= United States House Committee on Enrolled Bills =

The United States House Committee on Enrolled Bills is a former standing committee of the United States House of Representatives.

The House standing Committee on Enrolled Bills was a result of the dissolution of the old Joint Committee on Enrolled Bills. The Joint Committee on Enrolled Bills was established on July 27, 1789, with the responsibility for the enrollment of engrossed bills. The enacting resolution states the following:

After a bill shall have passed both Houses, it shall be duly enrolled on Parchment by the Clerk of the House of Representatives or the Secretary of the Senate, as the bill may have originated in one or the other House, before it shall be presented to the President of the United States. ... When bills are enrolled they shall be examined by a joint committee for that purpose, who shall carefully compare the enrollment with the engrossed bills as passed in the two Houses, and, correcting any errors that may be discovered in the enrolled bills, make their report forthwith to their respective Houses.

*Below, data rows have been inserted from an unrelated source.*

Lemma le_forest_rank_lt x y : le_forest y x -> y != x -> rank y < rank x.
Proof.
move=> /forallP yx y_neq_x; rewrite !rank_card; apply: proper_card.
rewrite properE; apply/andP; split.
  by apply/subsetP => i; rewrite !inE => yi; move: (yx i); rewrite yi => /eqP <-.
have [i yxi] : exists i, y i != x i.
  apply/existsP; apply: contraR y_neq_x => /existsPn yx_eq.
  by apply/eqP/ffunP => i; apply/eqP; rewrite -[_ == _]negbK yx_eq.
apply/subsetPn; exists i; rewrite !inE.
  by move: (yx i) yxi; case: (x i) => //; case: (y i).
by move: (yx i) yxi; case: (y i) => //= a /eqP ->; rewrite eqxx.
Qed.

Lemma root_of_root F v : F v = None -> root_of F v = v.
Proof. by move=> Fv; rewrite /root_of iter_fix // /root_step Fv. Qed.

Lemma root_of_parent_root F i j : F i = Some j -> F j = None -> root_of F i = j.
Proof.
case: n F i j => [|n'] F i j Fi Fj.
  by move: Fi; rewrite (ord1 i) -(ord1 j) Fj.
by rewrite /root_of iterSr /root_step Fi iter_fix // /root_step Fj.
Qed.

Lemma small_forest_priority F : small_forest F -> priority_forest F.
Proof.
move=> /forallP smallF; apply/andP; split.
  apply/forallP => i; apply/forallP => j; apply/implyP => /eqP Fi.
  by move: (smallF i); rewrite Fi => /eqP <-.
have step_mono (v w : 'I_n.+1) : v <= w -> root_step F v <= root_step F w.
  move: (smallF v) (smallF w); rewrite /root_step.
  case Fv: (F v) => [a|]; case Fw: (F w) => [b|] //=.
  - by move=> /eqP av /eqP bw vw; lia.
  - by move=> /eqP av _ vw; lia.
  - move=> _ /eqP bw vw; have [vw_eq|] := eqVneq v w; last by rewrite -val_eqE /=; lia.
    by rewrite vw_eq Fw in Fv.
have iter_mono t (v w : 'I_n.+1) : v <= w -> iter t (root_step F) v <= iter t (root_step F) w.
  by elim: t => //= t IH vw; exact/step_mono/IH.
apply/forallP => i; apply/forallP => k; apply/implyP.
by apply: contraTT; rewrite -!leqNgt; exact: iter_mono.
Qed.

Lemma priority_forest_sasc_set0 F :
  priority_forest F -> F != forest0 n -> sasc_set F != set0.
Proof.
case/andP => /forallP increasing /forallP separated F_neq0.
have [i0 Fi0] : exists i0, F i0 != None.
  apply/existsP; apply: contraR F_neq0 => /existsPn F0; apply/eqP/ffunP => i.
  by rewrite ffunE; apply/eqP; move: (F0 i); rewrite negbK.
(* Let i be the least non-root and j its parent.  If j.+1 < i, then j and j.+1
   are roots, and the tree of root j contains i > j.+1, against separation. *)
case: (@arg_minnP _ i0 (fun i => F i != None) val Fi0) => i Fi min_i.
case Fi_eq: (F i) Fi => [j|] // _; apply/set0Pn; exists i; rewrite inE Fi_eq.
have ji : j < i by move: (increasing i) => /forallP/(_ j)/implyP; apply; rewrite Fi_eq.
have [//|j1_neq_i] := eqVneq (j.+1 : nat) i.
have j1_lt_i : j.+1 < i by lia.
pose v : 'I_n.+1 := inord j.+1.
have vE : v = j.+1 :> nat by rewrite inordK //; have := ltn_ord i; lia.
have root_min (u : 'I_n.+1) : u < i -> F u = None.
  by case Fu: (F u) => [a|] // ui; have := min_i u; rewrite Fu => /(_ isT) /=; lia.
have /forallP/(_ v)/implyP := separated i.
rewrite (root_of_parent_root Fi_eq (root_min _ ji)) root_of_root ?root_min ?vE //.
by move=> /(_ (ltnSn _)); lia.
Qed.

Lemma restrict_le F T : le_forest (restrict F T) F.
Proof. by apply/forallP => i; rewrite ffunE; case: ifP => _; rewrite ?eqxx ?implybT. Qed.

Section RestrictSmallAscents.
Variables (x : forest n) (T : {set 'I_n.+1}).
Hypothesis T_sasc : T \subset sasc_set x.

Lemma restrict_small : small_forest (restrict x T).
Proof.
apply/forallP => i; rewrite ffunE.
by case: ifP => // /(subsetP T_sasc); rewrite inE; case: (x i).
Qed.

Lemma edges_restrict : edges (restrict x T) = T.
Proof.
apply/setP => i; rewrite !inE ffunE.
by case: ifP => // /(subsetP T_sasc); rewrite inE; case: (x i).
Qed.

Lemma rank_restrict : rank (restrict x T) = #|T|.
Proof. by rewrite rank_card edges_restrict. Qed.
End RestrictSmallAscents.

Lemma le_forest_restrict_edges x y : le_forest y x -> restrict x (edges y) = y.
Proof.
move=> /forallP yx; apply/ffunP => i; rewrite !ffunE inE.
by move: (yx i); case: (y i) => //= a /eqP <-.
Qed.

Lemma sum_small_le (R : nmodType) x (G : forest n -> R) :
  (\sum_(y | small_forest y && le_forest y x) G y =
   \sum_(T : {set 'I_n.+1} | T \subset sasc_set x) G (restrict x T))%R.
Proof.
rewrite (reindex_onto (restrict x) edges) => [|y /andP[_]]; last first.
  exact: le_forest_restrict_edges.
apply: eq_bigl => T; apply/idP/idP => [|T_sasc]; last first.
  by rewrite restrict_small ?restrict_le ?edges_restrict ?eqxx.
case/andP=> /andP[/forallP small_xT _] /eqP edges_xT.
apply/subsetP => i; rewrite -{1}edges_xT !inE; move: (small_xT i).
by rewrite !ffunE; case: ifP => // _; case: (x i).
Qed.
End SmallForests.

Section Mobius.
Variable n : nat.
Implicit Types x y P : forest n.
Local Open Scope ring_scope.

Lemma sum_priority_small (R : nmodType) x (G : forest n -> R) :
  \sum_(y | priority_forest y && le_forest y x) (if small_forest y then G y else 0) =
  \sum_(y | small_forest y && le_forest y x) G y.
Proof.
rewrite -big_mkcondr; apply: eq_bigl => y.
case small_y: (small_forest y); last by rewrite !andbF.
by rewrite small_forest_priority // andbT.
Qed.

Lemma sum_small_le_sign x : priority_forest x -> x != forest0 n ->
  \sum_(y | small_forest y && le_forest y x) (-1) ^+ rank y = 0 :> int.
Proof.
move=> px x_neq0; rewrite sum_small_le.
have sasc_gt0 : (0 < #|sasc_set x|)%N by rewrite card_gt0 priority_forest_sasc_set0.
have -> : 0 = (1 - 1) ^+ #|sasc_set x| :> int by rewrite subrr expr0n gtn_eqF.
rewrite -sum_subset_sign.
by apply: eq_bigr => T T_sasc; rewrite rank_restrict // expr1n mulr1.
Qed.

Lemma mob_fuel_forest0 k : mob_fuel k (forest0 n) = 1.
Proof. by case: k => [|k] /=; rewrite eqxx. Qed.

Lemma mob_fuel_priority k x : priority_forest x -> (rank x <= k)%N ->
  mob_fuel k x = if small_forest x then (-1) ^+ rank x else 0.
Proof.
elim: k x => [|k IH] x px rank_x;
  have [->|x_neq0] := eqVneq x (forest0 n);
  rewrite ?mob_fuel_forest0 ?small_forest0 ?rank_forest0 //.
  by move: rank_x; rewrite leqn0 rank_eq0 (negbTE x_neq0).
rewrite /= (negbTE x_neq0).
under eq_bigr => y /andP[/andP[py le_yx] y_neq_x].
  rewrite IH //; first over.
  by have := le_forest_rank_lt le_yx y_neq_x; lia.
have := sum_small_le_sign px x_neq0.
rewrite -sum_priority_small (bigD1 x) /= ?px ?le_forest_refl // => /eqP.
by rewrite addr_eq0 => /eqP ->.
Qed.

Lemma mobius0_priority x : priority_forest x ->
  mobius0 x = if small_forest x then (-1) ^+ rank x else 0.
Proof. by move=> px; apply: mob_fuel_priority. Qed.

Lemma char_poly_idealE P :
  char_poly_ideal P = 'X^(rank P - sasc P) * ('X - 1) ^+ sasc P.
Proof.
rewrite /char_poly_ideal.
rewrite (eq_bigr (fun x => if small_forest x then (-1) ^+ rank x * 'X^(rank P - rank x) else 0)).
  rewrite sum_priority_small sum_small_le sasc_card -sum_subset_sign mulr_sumr.
  apply: eq_bigr => T T_sasc; rewrite rank_restrict // mulrCA -exprD.
  have := subset_leq_card T_sasc; have := sasc_le_rank P; rewrite sasc_card.
  by move=> ? ?; congr (_ * 'X^_); lia.
move=> x /andP[px _]; rewrite mobius0_priority //.
by case: (small_forest x); rewrite ?rmorphXn ?rmorphN1 ?mul0r.
Qed.
End Mobius.

Lemma park_spots_rcons n pi p :
  park_spots n (rcons pi p) = rcons (park_spots n pi) (first_free n (park_spots n pi) p).
Proof. by rewrite /park_spots foldl_rcons. Qed.

Lemma size_park_spots n pi : size (park_spots n pi) = size pi.
Proof. by elim/last_ind: pi => [|pi p IH] //; rewrite park_spots_rcons !size_rcons IH. Qed.

Lemma first_free_notin n s p : first_free n s p <= n -> first_free n s p \notin s.
Proof.
rewrite /first_free.
case free: [seq x <- iota p (n.+1 - p) | x \notin s] => [|a l] /=; first by rewrite ltnn.
by move=> _; have := mem_head a l; rewrite -free mem_filter => /andP[].
Qed.

Lemma uniq_park_spots n pi :
  all (fun x => x <= n) (park_spots n pi) -> uniq (park_spots n pi).
Proof.
elim/last_ind: pi => [|pi p IH] //.
rewrite park_spots_rcons all_rcons rcons_uniq => /andP[spot_le spots_le].
by rewrite first_free_notin // IH.
Qed.

Lemma card_ord_mem_seq N (s : seq nat) (P : pred nat) :
  uniq s -> all (fun x => x < N) s ->
  #|[pred v : 'I_N | ((v : nat) \in s) && P v]| = count P s.
Proof.
move=> s_uniq /allP s_lt.
rewrite cardE size_filter -enumT (eq_count (a2 := preim val (predI P (mem s)))); last first.
  by move=> v; rewrite /= andbC.
rewrite -count_map val_enum_ord -count_filter.
apply/permP/uniq_perm; rewrite ?filter_uniq ?iota_uniq // => v.
by rewrite mem_filter mem_iota /=; case: (boolP (v \in s)) => // /s_lt.
Qed.

Lemma sasc_pf_forest n pi : all (fun p => 0 < p <= n) pi ->
  sasc (pf_forest n pi) =
  #|[pred v : 'I_n.+1 | ((v : nat) \in park_spots n pi) &&
                        (nth 0 pi (index (v : nat) (park_spots n pi)) == v)]|.
Proof.
move=> /allP pi_range; apply: eq_card => v; rewrite !inE ffunE.
case: ifP => // v_parked /=.
have /pi_range/andP[car_gt0 car_le] : nth 0 pi (index (v : nat) (park_spots n pi)) \in pi.
  by apply: mem_nth; rewrite -(size_park_spots n) index_mem.
by rewrite inordK ?prednK //; lia.
Qed.

Lemma lucky_count n pi : uniq (park_spots n pi) ->
  lucky n pi = count (fun v => nth 0 pi (index v (park_spots n pi)) == v) (park_spots n pi).
Proof.
move=> spots_uniq; set s := park_spots n pi.
rewrite -sum1_count (big_nth 0) big_mkcond big_mkord /lucky -(size_park_spots n) -/s.
by apply: eq_bigr => i _; rewrite index_uniq // eq_sym; case: (_ == _).
Qed.

Lemma lucky_sasc m n pi : parking_function m n pi -> lucky n pi = sasc (pf_forest n pi).
Proof.
case/and3P => _ pi_range spots_le.
have spots_uniq := uniq_park_spots spots_le.
rewrite lucky_count // sasc_pf_forest //.
by rewrite (card_ord_mem_seq (fun v => nth 0 pi (index v (park_spots n pi)) == v)).
Qed.

Unset Implicit Arguments.

Theorem theorem5p15 (n m : nat) (P : forest n) :
  priority_forest P -> rank P = m ->
  char_poly_ideal P = ('X^(m - sasc P) * ('X - 1) ^+ sasc P)%R /\
  (forall pi : seq nat, parking_function m n pi -> pf_forest n pi = P ->
     char_poly_ideal P = ('X^(m - lucky n pi) * ('X - 1) ^+ lucky n pi)%R).
Proof.
move=> _ <-; split=> [|pi pf <-]; first exact: char_poly_idealE.
by rewrite (lucky_sasc pf) char_poly_idealE.
Qed.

In 1876 the joint rules of Congress were allowed to lapse, and although the committee continued to be referred to as a "joint committee," it consisted thereafter of a separate committee in each house, each supervising the enrolling of bills originated in its own house. Under the Reorganization Act of 1946 the functions of the Committee on Enrolled Bills were incorporated into those of the House Administration Committee. The Joint Committee on Enrolled Bills has since that date been composed of three members from the House Administration Committee and three members from the Senate Committee on Rules and Administration.